• [WHAT YOU ARE ASKED TO DO]: Output every entry exactly as given.
Start of RECORDS SUPPLIED
Lemma S_ev_closed a : Ev a \in S -> a \in S.
Proof.
by move=> /S_closed eaS; apply: eaS; rewrite /= inE subformulas_refl orbT.
Qed.

Definition gpath_of_chain T0 q0 (T0q0 : chain S T0 q0) : X :=
  exist _ (walk S_ev_closed T0 q0)
    (conj (walk_step S_ev_closed T0q0) (walk_honest T0q0)).

Lemma extend (x : X) (T1 : ptheory) N : sval x 0 `<=` T1 -> exists y : X,
  sval y 0 = T1 /\ forall i, (i < N)%N -> sval x i `<=` sval y i.
Proof.
move=> xT1; have [l [lN T1l xl]] := extend_prefix N (proj1 (svalP x)) xT1.
exists (gpath_of_chain T1l); split=> // i iN; rewrite /= walk_prefix ?lN ?(ltnW iN) //.
exact/xl/ltnW.
Qed.

Lemma at0_Imp b c : at0 (Imp b c) = interior (~` at0 b `|` at0 c).
Proof.
apply/seteqP; split.
  rewrite -open_subsetE; last exact: open_at0.
  move=> x xbc.
  have [xb|nxb] := pselect (sval x 0 b); [right|by left].
  exact: ptheory_mp xb xbc.
move=> x xint; apply: contrapT => /ptheory_refute_imp [T1 [x0T1 T1b NT1c]].
have [N xN] := proj1 (prefix_openP _) (@open_interior _ (~` at0 b `|` at0 c)) x xint.
have [y [y0 xy]] := extend N x0T1.
by case: (interior_subset (xN y xy)); rewrite /at0 /= y0.
Qed.

Lemma eval_at0 a : a \in S -> Defs.eval shift gvar a = at0 a.
Proof.
elim: a => [n||b IHb c IHc|b IHb c IHc|b IHb c IHc|b IH|b IH] aS /=.
- by [].
- by rewrite at0_Bot.
- rewrite IHb ?IHc ?at0_And //; apply: (S_closed aS);
  by rewrite /= inE mem_cat subformulas_refl ?orbT.
- rewrite IHb ?IHc ?at0_Or //; apply: (S_closed aS);
  by rewrite /= inE mem_cat subformulas_refl ?orbT.
- rewrite IHb ?IHc ?at0_Imp //; apply: (S_closed aS);
  by rewrite /= inE mem_cat subformulas_refl ?orbT.
- have bS : b \in S by apply: (S_closed aS); rewrite /= inE subformulas_refl orbT.
  by rewrite IH // (at0_Next bS aS).
- by rewrite IH ?(S_ev_closed aS) // (at0_Ev aS (S_ev_closed aS)).
Qed.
End of RECORDS SUPPLIED
• [EXERCISE RESPONSE]:
Lemma S_ev_closed a : Ev a \in S -> a \in S.
Proof.
by move=> /S_closed eaS; apply: eaS; rewrite /= inE subformulas_refl orbT.
Qed.

Definition gpath_of_chain T0 q0 (T0q0 : chain S T0 q0) : X :=
  exist _ (walk S_ev_closed T0 q0)
    (conj (walk_step S_ev_closed T0q0) (walk_honest T0q0)).

Lemma extend (x : X) (T1 : ptheory) N : sval x 0 `<=` T1 -> exists y : X,
  sval y 0 = T1 /\ forall i, (i < N)%N -> sval x i `<=` sval y i.
Proof.
move=> xT1; have [l [lN T1l xl]] := extend_prefix N (proj1 (svalP x)) xT1.
exists (gpath_of_chain T1l); split=> // i iN; rewrite /= walk_prefix ?lN ?(ltnW iN) //.
exact/xl/ltnW.
Qed.

Lemma at0_Imp b c : at0 (Imp b c) = interior (~` at0 b `|` at0 c).
Proof.
apply/seteqP; split.
  rewrite -open_subsetE; last exact: open_at0.
  move=> x xbc.
  have [xb|nxb] := pselect (sval x 0 b); [right|by left].
  exact: ptheory_mp xb xbc.
move=> x xint; apply: contrapT => /ptheory_refute_imp [T1 [x0T1 T1b NT1c]].
have [N xN] := proj1 (prefix_openP _) (@open_interior _ (~` at0 b `|` at0 c)) x xint.
have [y [y0 xy]] := extend N x0T1.
by case: (interior_subset (xN y xy)); rewrite /at0 /= y0.
Qed.

Lemma eval_at0 a : a \in S -> Defs.eval shift gvar a = at0 a.
Proof.
elim: a => [n||b IHb c IHc|b IHb c IHc|b IHb c IHc|b IH|b IH] aS /=.
- by [].
- by rewrite at0_Bot.
- rewrite IHb ?IHc ?at0_And //; apply: (S_closed aS);
  by rewrite /= inE mem_cat subformulas_refl ?orbT.
- rewrite IHb ?IHc ?at0_Or //; apply: (S_closed aS);
  by rewrite /= inE mem_cat subformulas_refl ?orbT.
- rewrite IHb ?IHc ?at0_Imp //; apply: (S_closed aS);
  by rewrite /= inE mem_cat subformulas_refl ?orbT.
- have bS : b \in S by apply: (S_closed aS); rewrite /= inE subformulas_refl orbT.
  by rewrite IH // (at0_Next bS aS).
- by rewrite IH ?(S_ev_closed aS) // (at0_Ev aS (S_ev_closed aS)).
Qed.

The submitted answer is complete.